К сорока годам мне удалось обзавестись несколькими друзьями, с которыми у меня сложились прочные отношения. Среди них был и психотерапевт Т. Р. Розенберг, большой умница. Началось наше знакомство с того, что он позвонил, желая купить «лендровер», а у меня как раз был красный «лендровер» на продажу, и я отогнал машину ему домой в Лейден, в Беркшире, – показать.

Мы решили совершить пробную поездку по окрестностям. Доктор Розенберг ездил на «сузуки-самурай» и хотел проверить, насколько лучше «лендровер» покажет себя как внедорожник. Поэтому мы сели в «лендровер» и покатили к Грин-Ривер, по бездорожью, в глухие леса на границе с Вермонтом. Наконец мы добрались до самого берега – здесь грунтовая дорога превращалась в тропу и упиралась в реку. Когда-то тут был брод, по которому реку переходили караваны с фургонами, запряженными быками. Здесь колея была так глубока, что, по сути, мы ехали по дну канавы с земляными бортиками. Развернуться было невозможно, оставалось или ехать вперед, или давать задний ход. У самой воды доктор Розенберг остановил машину и выбрался наружу.
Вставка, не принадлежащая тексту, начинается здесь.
Lemma sum_antidiagonal (V : nmodType) (m : nat) (F : nat -> nat -> V) :
  \sum_(1 <= n < m) \sum_(1 <= k < n) F k (n - k)%N
  = \sum_(1 <= a < m) \sum_(1 <= b < m - a) F a b.
Proof.
elim: m => [|m IHm]; first by rewrite !big_geq.
case: m IHm => [|m] IHm; first by rewrite !big_geq.
rewrite big_nat_recr //= IHm [RHS]big_nat_recr //= subSS subSnn.
rewrite [\sum_(1 <= b < 1) _]big_geq // addr0.
rewrite -big_split; apply: eq_big_nat => a /andP[_ am].
by rewrite [(m.+2 - a)%N]subSn 1?ltnW // big_nat_recr // subn_gt0.
Qed.

Lemma sum_nat_rev_sub (V : nmodType) n (F : nat -> V) :
  \sum_(1 <= k < n) F k = \sum_(1 <= k < n) F (n - k)%N.
Proof. by rewrite big_nat_rev; apply: eq_big_nat => k _; rewrite add1n subSS. Qed.

Section LieEvaluation.
Variables (K : fieldType) (V : lmodType K) (br : V -> V -> V).
Hypothesis br_bilinear : bilinear_op br.

Lemma brDl a b c : br (a + b) c = br a c + br b c. Proof. by case: br_bilinear. Qed.
Lemma brDr a b c : br a (b + c) = br a b + br a c. Proof. by case: br_bilinear. Qed.
Lemma brZl (k : K) a b : br (k *: a) b = k *: br a b. Proof. by case: br_bilinear. Qed.
Lemma brZr (k : K) a b : br a (k *: b) = k *: br a b. Proof. by case: br_bilinear. Qed.
Lemma br0l b : br 0 b = 0. Proof. by have := brZl 0 0 b; rewrite !scale0r. Qed.
Lemma br0r a : br a 0 = 0. Proof. by have := brZr 0 a 0; rewrite !scale0r. Qed.
Lemma brNl a b : br (- a) b = - br a b. Proof. by rewrite -scaleN1r brZl scaleN1r. Qed.

Lemma br_suml I (r : seq I) (F : I -> V) b :
  br (\sum_(i <- r) F i) b = \sum_(i <- r) br (F i) b.
Proof. exact: (big_morph (br^~ b) (fun x y => brDl x y b) (br0l b)). Qed.

Lemma br_sumr I (r : seq I) (F : I -> V) a :
  br a (\sum_(i <- r) F i) = \sum_(i <- r) br a (F i).
Proof. exact: (big_morph (br a) (brDr a) (br0r a)). Qed.

Hypotheses (br_anti : anticommutative br) (br_jacobi : jacobi br).

Lemma brC a b : br b a = - br a b.
Proof. by apply/eqP; rewrite -addr_eq0 addrC br_anti. Qed.

Lemma br_derivation y a b : br (br y a) b - br (br y b) a = br y (br a b).
Proof.
apply/eqP; rewrite -subr_eq0 -(br_jacobi y a b) (brC y (br a b)) (brC y b) brNl.
by rewrite addrAC.
Qed.

Variables (e : nat -> V) (N D : nat).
– Лучше выведите машину задним ходом, Джон. Мне ее тут в гору не вывести, не справлюсь, – сказал он.

Я оглянулся: мы спустились по ухабистой и крутой тропинке с холма к самой воде. Мне тоже не улыбалась идея вести машину задним ходом по такой дороге. Потом я посмотрел вперед. Тропинка, по которой когда-то шли караваны с быками, вновь возникала на противоположном берегу. Ширина реки здесь составляла футов сто. Вода бурлила, обтекая камни брода. Может, и не придется давать задний ход?

«Если здесь проходили фургоны с быками, значит, не так уж тут и глубоко, – рассудил я. – Наверняка смогу проехать на тот берег». Я подошел поближе к воде. Под волнами виднелось дно. Я сел обратно в «лендровер».

– Садитесь, едемте, – сказал я доктору Розенбергу, и тронул машину с места. Вода поднялась до самого капота, и доктор беспокойно заерзал.

«Глубже, чем я думал», – сказал я себе. Я дал газу и вывел машину на мелководье посреди реки. На глубоком месте у берега было фута три.

Я слышал, как булькает вода сзади, где погрузилась под воду выхлопная труба. Вода начала просачиваться сквозь щели в полу. Я повернул руль, развернулся на мелководье посреди реки, снова дал газу и направил машину к берегу. Колеса немного прокрутились, но мы выбрались на берег и теперь «лендровер» смотрел в гору.

– Можете садиться за руль, – сказал я доктору Розенбергу, освобождая водительское место.

– Ух ты! – только и сказал доктор, а потом умолк. Слышно было, как булькает, выливаясь из автомобиля, вода. Но мотор работал как ни в чем не бывало. – Здорово! Мой «сузуки» бы такой маневр не осилил. – Доктор Розенберг оправился от потрясения и заявил, что покупает «лендровер».

Когда я через несколько дней пригнал ему машину, мы решили совершить еще одну поездку. На этот раз мы поехали еще дальше в чащу леса, к самой границе с Вермонтом. Я долго вел машину по лесной тропе, а когда попытался развернуться, то налетел на поваленное дерево, которое не заметил под палой листвой. Машина застряла.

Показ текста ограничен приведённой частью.